The NWM can also be used in association with digital woodland inventories to predict the likely current area and range of particular woodland types in Scotland. In particular it can be used in combination with the Scottish Semi-natural Woodland Inventory (SSNWI, Caledonian Partnership 1999)’s ‘semi-naturalness’ data to estimate the woodland type of any existing semi-natural woodland.
The value of establishing woodland appropriate to site conditions
The tree and shrub species predicted as being most suitable to the site should grow and regenerate most successfully and best incorporate existing biodiversity. The requirements of different woodland types are taken largely from Rodwell (1991) and Rodwell & Patterson (1994), with additional information taken in particular from McVean & Ratcliffe (1962), and to a lesser extent from other literature listed in the References. Any relict populations of fungi, plants or animals are likely to be able to re-establish better in woodland composed of site-appropriate species.

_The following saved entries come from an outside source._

Lemma dickman_le_pow_interval_width (rho : R -> R) : is_dickman rho ->
  exists C, 0 < C /\ forall u, 2 < u ->
  C * rho u * Rpower (exp 200) (- u) <= / 4 * (interval_width u / 4) ^ num_intervals u.
Proof.
  intros Hrho. destruct pow_interval_width_ge_small as [c [Hc Hsmall]].
  set (C := Rmin (c / 4) (exp (dickman_g dickman_t0) / 4)).
  assert (HC : 0 < C) by (apply Rmin_glb_lt; [lra | pose proof (exp_pos (dickman_g dickman_t0)); lra]).
  exists C. split; [exact HC|]. intros u Hu.
  unfold Rpower. rewrite ln_exp.
  assert (Hr0 : 0 <= rho u) by (apply (dickman_nonneg rho Hrho); lra).
  assert (HE : 0 < exp (- u * 200)) by apply exp_pos.
  destruct (Rle_or_lt u dickman_t0) as [HuT|HuT].
  - assert (rho u <= 1) by (apply (dickman_le_1 rho Hrho); lra).
    assert (exp (- u * 200) <= 1) by (rewrite <- exp_0; apply exp_le; lra).
    assert (C <= c / 4) by apply Rmin_l.
    pose proof (Hsmall u ltac:(lra)).
    apply Rle_trans with (C * 1 * 1); [|lra].
    apply Rmult_le_compat; [nra | lra | apply Rmult_le_compat_l|]; lra.
  - assert (Hmaj : rho u <= dickman_majorant u)
      by (apply (dickman_le_majorant rho Hrho); unfold dickman_t0 in *; lra).
    pose proof (pow_interval_width_ge_large u HuT).
    apply Rle_trans with (exp (dickman_g dickman_t0) / 4 * dickman_majorant u * exp (- u * 200)).
    { apply Rmult_le_compat_r; [lra|]. apply Rmult_le_compat; [lra | lra | apply Rmin_r | lra]. }
    unfold dickman_majorant.
    replace (exp (dickman_g dickman_t0) / 4 * exp (dickman_g u - dickman_g dickman_t0)
             * exp (- u * 200)) with (/ 4 * exp (dickman_g u - 200 * u)); [lra|].
    replace (dickman_g u - 200 * u)
      with (dickman_g dickman_t0 + (dickman_g u - dickman_g dickman_t0) + - u * 200) by ring.
    rewrite !exp_plus. field.
Qed.

Lemma cube_le_exp (t : R) : 737280 <= t -> 2880 * t ^ 3 <= exp t.
Proof.
  intro Ht. replace (exp t) with (exp (t / 4) ^ 4) by (rewrite exp_pow_INR; f_equal; simpl; field).
  pose proof (exp_ineq1_le (t / 4)).
  apply Rle_trans with ((t / 4) ^ 4); [|apply pow_incr; lra].
  replace ((t / 4) ^ 4) with (t ^ 3 * (t / 256)) by (simpl; field).
  rewrite (Rmult_comm 2880). apply Rmult_le_compat_l; [apply pow_le|]; lra.
Qed.

(* [u lnlnln q / lnln q < 1] gives [u < lnln q], hence [2880 u^3 <= exp (lnln q) = ln q]. *)
Lemma ln_ge_cube_of_ratio_lt1 (x u : R) : exp (exp 737280) < x -> 0 < u ->
  u * (ln (ln (ln x)) / ln (ln x)) < 1 -> 2880 * u ^ 3 <= ln x.
Proof.
  intros Hx Hu Hratio. pose proof (exp_pos (exp 737280)).
  assert (Hl : exp 737280 < ln x)
    by (rewrite <- (ln_exp (exp 737280)); apply ln_increasing; lra).
  pose proof (exp_pos 737280).
  assert (Hll : 737280 < ln (ln x)) by (rewrite <- (ln_exp 737280); apply ln_increasing; lra).
  assert (Hlll : 1 <= ln (ln (ln x))) by (apply ln_ge_of_exp_le; pose proof exp_le_3; lra).
  assert (Hul : u < ln (ln x)).
  { assert (u * ln (ln (ln x)) < ln (ln x)).
    { replace (u * ln (ln (ln x))) with (u * (ln (ln (ln x)) / ln (ln x)) * ln (ln x))
        by (field; lra). nra. }
    nra. }
  apply Rle_trans with (2880 * ln (ln x) ^ 3).
  - apply Rmult_le_compat_l; [lra | apply pow_incr; lra].
  - rewrite <- (exp_ln (ln x)) at 2 by lra. apply cube_le_exp. lra.
Qed.

Theorem corollary2p3 :
  forall rho : R -> R, is_dickman rho ->
  exists c0 C : R, 1 <= c0 /\ 0 < C /\
  forall delta : nat -> R,
    (forall q, 0 < delta q < / 2) ->
    Un_cv (fun q => / delta q * (ln (ln (ln (INR q))) / ln (ln (INR q)))) 0 ->
    exists Q : nat, forall q : nat, (Q <= q)%nat -> prime (Z.of_nat q) ->
      C * rho (/ delta q) * Rpower c0 (- / delta q) * INR q
        <= INR (count_good q (delta q)).
Proof.
  intros rho Hrho. destruct (dickman_le_pow_interval_width rho Hrho) as [C [HC Hdens]].
  exists (exp 200), C. split; [apply one_le_exp; lra|]. split; [exact HC|].
  intros delta Hdelta Hcv. destruct (Hcv 1 Rlt_0_1) as [N HN].
  destruct (INR_unbounded (exp (exp 737280))) as [Q HQ].
  exists (Nat.max N Q). intros q Hq _.
  assert (HqQ : exp (exp 737280) < INR q)
    by (apply Rlt_le_trans with (INR Q); [exact HQ | apply le_INR; lia]).
  destruct (Hdelta q) as [Hd0 Hd1].
  assert (Hu : 2 < / delta q) by (rewrite <- (Rinv_inv 2); apply Rinv_lt_contravar; lra).
  specialize (HN q ltac:(lia)). unfold R_dist in HN. rewrite Rminus_0_r in HN.
  apply Rle_trans with (INR q / 4 * (interval_width (/ delta q) / 4) ^ num_intervals (/ delta q)).
  - pose proof (pos_INR q). specialize (Hdens (/ delta q) Hu). nra.
  - apply count_good_ge_interval_params; [|lra|].
    { pose proof (exp_ineq1_le (exp 737280)). pose proof (exp_ineq1_le 737280). lra. }
    apply ln_ge_cube_of_ratio_lt1; [exact HqQ | lra |].
    apply Rle_lt_trans with (Rabs (/ delta q * (ln (ln (ln (INR q))) / ln (ln (INR q)))));
      [apply Rle_abs | exact HN].
Qed.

Species which are unsuitable for the site conditions may survive for the first few years but fail to thrive. For example, where alder has been planted on exposed shallow peats in the northern and western Highlands, it can often demonstrate good early growth only to die back after four or five years. Other species may grow well but fail to regenerate. This may be less important in traditional forestry, where new crops are planted after harvesting, but it is vital in native woodland, which must perpetuate itself through natural regeneration.

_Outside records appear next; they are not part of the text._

Definition in_A (n : nat) (w : word) : Prop :=
  exists s : word, well_formed n s /\ braid_eq n w (expandA s).

From mathcomp Require Import all_boot zify.
From Stdlib Require Import Setoid Morphisms.
Set Implicit Arguments. Unset Strict Implicit. Unset Printing Implicit Defensive.

(* Write [b = g^-1 sigma_1 g], so that [b^2 = g^-1 a_1 g].  Reading [g] letter by letter, the
   partial conjugates of [a_1] stay in the normal form [stair k^-1 (w^-1 a_(q-1) w) stair k],
   where [stair k = sigma_1 ... sigma_(k-1)] and [w] is a word in the [a_i].  A letter
   [sigma_j^+-1] either slides through [stair k] as a letter [sigma_j'^+-1] with [j' >= 2], which
   acts on the free group [A_n] by Artin's automorphisms and so keeps the middle factor an
   [A_n]-conjugate of a generator, or it moves the stair by one step, contributing at most a
   factor [a_j^+-1] to [w].  The permutation of [g] tracks [k] and [q]: since [pi(b) = (1, n)],
   after replacing [g] by [sigma_1 g] if necessary the process ends with [k = 1] and [q = n]. *)

Arguments a_word : simpl never.

Ltac transp_lia := rewrite /transp; repeat case: ifP; move=> *; lia.

#[export] Instance braid_eq_Equivalence n : Equivalence (braid_eq n).
Proof. split; [exact: beq_refl | exact: beq_sym | exact: beq_trans]. Qed.

Lemma braid_eq_catl n u v w : braid_eq n u v -> braid_eq n (u ++ w) (v ++ w).
Proof.
elim=> [x | ? ? _ -> | ? ? ? _ -> _ -> | u0 v0 x y r]; try reflexivity.
by rewrite -!catA; apply: beq_rel.
Qed.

Even closely related species may have different site preferences. For example, downy birch and pedunculate oak (typical of the NVC communities W11 and W17) tend to occur together on moister and flushed ground, whereas silver birch and sessile oak (more characteristic of W10 and W16) would tend to grow on drier sites (Peterken 1998).

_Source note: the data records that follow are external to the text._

(* Let $G$ be a graph with vertex set $A \cup B \cup C$, where $A, B, C$ are pairwise disjoint, $|A| = 2$, and $|B|, |C| \in \{3, 4\}$. Suppose that the bipartite graph of edges of $G$ between $B$ and $A \cup C$ is a complete bipartite graph between $B$ and $A \cup C$ minus a matching which has at most two edges between $B$ and $C$, and that $G$ has no edges between $A$ and $C$. Then there is a fractional triangle packing $\omega$ in $G$, assigning positive weight only to triangles that intersect exactly two of the sets $A, B, C$, such that $\omega(e) = 1/2$ for every edge $e$ of $G$ with both ends in $A$ or both ends in $C$, and $\omega(e) = 1$ for every edge $e$ of $G$ with both ends in $B$.
   Context: A fractional triangle packing in a graph $G$ is a function $\omega$ from the set of triangles of $G$ to $[0,1]$ such that $\omega(e) := \sum_{T \ni e}\omega(T) \le 1$ for every edge $e$ of $G$, where the sum is over triangles $T$ of $G$ containing $e$. *)

From mathcomp Require Import all_boot all_order all_algebra.
Set Implicit Arguments. Unset Strict Implicit. Unset Printing Implicit Defensive.
Import Order.TTheory GRing.Theory Num.Theory.

Definition simple_graph (T : finType) (adj : rel T) : Prop :=
  symmetric adj /\ irreflexive adj.

Definition is_triangle (T : finType) (adj : rel T) (t : {set T}) : bool :=
  (#|t| == 3) && [forall x in t, forall y in t, (x != y) ==> adj x y].

Definition edge_load (R : numDomainType) (T : finType) (adj : rel T)
  (w : {set T} -> R) (x y : T) : R :=
  (\sum_(t : {set T} | is_triangle adj t && (x \in t) && (y \in t)) w t)%R.

Definition frac_triangle_packing (R : numDomainType) (T : finType) (adj : rel T)
  (w : {set T} -> R) : Prop :=
  (forall t, ~~ is_triangle adj t -> w t = 0%R) /\
  (forall t, is_triangle adj t -> (0 <= w t <= 1)%R) /\
  (forall x y, adj x y -> (edge_load adj w x y <= 1)%R).

Definition meets_exactly_two (T : finType) (A B C t : {set T}) : bool :=
  (((t :&: A != set0) : nat) + ((t :&: B != set0) : nat)
     + ((t :&: C != set0) : nat) == 2)%N.

From mathcomp Require Import all_boot all_order all_algebra zify.
Import Order.TTheory GRing.Theory Num.Theory.

(* Number the vertices of G by the labels 0..9 so that A, B and C receive the
   blocks [0, 2), [2, 2 + |B|) and [6, 6 + |C|) and every edge of the matching
   M goes to an edge of one fixed maximal "model" matching. The model graph has
   all edges inside the three blocks and all edges between B and A u C except
   the model matching, so G has every cross edge of the model and the model has
   every edge of G inside a part. Up to isomorphism only six model graphs occur,
   and for each of them an explicit packing with weights in multiples of 1/4 is
   checked by computation. Pulling it back to G, a weighted triangle has exactly
   one edge inside a part, so the loads of the internal edges of G are those of
   the model, while the loads of the cross edges can only decrease. *)

Section SupportSums.
Variables (R : numDomainType) (I : Type) (r : seq I).

Lemma ler_sum_support (P Q : pred I) (F : I -> R) :
  (forall i, 0 <= F i)%R -> (forall i, P i -> F i != 0%R -> Q i) ->
  (\sum_(i <- r | P i) F i <= \sum_(i <- r | Q i) F i)%R.
Proof.
move=> F_ge0 PQ; rewrite [X in (X <= _)%R]big_mkcond [X in (_ <= X)%R]big_mkcond /=.
apply: ler_sum => i _; case: ifP => Pi; case: ifP => Qi //.
have [->|Fi_neq0] := eqVneq (F i) 0%R; first exact: lexx.
by rewrite (PQ i Pi Fi_neq0) in Qi.
Qed.

Lemma eq_sum_support (P Q : pred I) (F : I -> R) :
  (forall i, F i != 0%R -> P i = Q i) ->
  (\sum_(i <- r | P i) F i = \sum_(i <- r | Q i) F i)%R.
Proof.
move=> PQ; rewrite big_mkcond [RHS]big_mkcond /=; apply: eq_bigr => i _.
by have [->|/PQ->] := eqVneq (F i) 0%R; rewrite ?if_same.
Qed.

End SupportSums.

The NWM extends the range of tools available for planning the establishment of native woodland in an ecologically appropriate way.
Using historical information to plan new woodlands
Where land is known to have been wooded in the past, it has been suggested that the composition of historic woodland is a key element of planning new woodland. In theory it is possible to use pollen analysis to reconstruct the composition of former woodland. However, this is not a straightforward process and not necessarily the most appropriate, as explained below.
First, the relationship between pollen frequencies and tree species abundance is not simple, although for very small woodland hollows there are strong linear relations between the two. Pollen analysis depends on trees producing flowers and on the relative frequency of all pollen producing plants in the catchment. Any trees which do not flower (e.g. many species when growing in the understorey) will not be represented, and wind-pollinated species produce larger quantities of lighter pollen than those pollinated by insects (e.g. fruit trees). Consequently, it can be difficult to be sure about the true composition of past woodland from pollen analysis alone. Further, sites may receive pollen from large areas which makes it difficult to reconstruct a good impression of former local vegetation cover (Tipping 1998).
Catkins
Second, for much of Scotland, the degree of spatial resolution of pollen analysis information which can be produced at present is too coarse and fragmented to serve as a guide to native woodland restoration, although more detailed reconstructions are possible in specific areas where detailed work has been carried out, such as the Southern Uplands (Tipping 1998).
Third, even where pollen information is good, it may not be appropriate to use it as a template for designing a new native woodland, because most pollen analysis reconstructs vegetation from several thousand years ago and this may not be appropriate (climatically or edaphically) for the present-day establishment of woodland cover on a site.
The concept of woodland ‘naturalness’
Peterken (1996) defines five degrees of woodland naturalness, of which original-naturalness, the state which existed before people became a significant factor, is the type which can be reconstructed from most pollen diagrams.
Present-naturalness is the hypothetical state which would prevail now if people had never become a significant factor. Such forests would have continued to develop in response to climatic change, long-term soil maturation and continued migration of species. Therefore, they could be very different in many ways from the original-natural forests.
Potential-naturalness is the forest that would develop now if human influence were removed completely, and the resultant succession took place instantly. Such forest would be different again, because soils have changed due to the removal of forest cover and subsequent land-use, and they may also have been affected by eutrophication and other forms of pollution.
The NWM, in matching potential woodland types to existing soil types, predicts potential-naturalness. Rather than attempting to recreate an idealised concept of woodland at the post-glacial climatic optimum or any other historical time, the NWM enables the prediction of woodland types which would develop under current climate and soil conditions.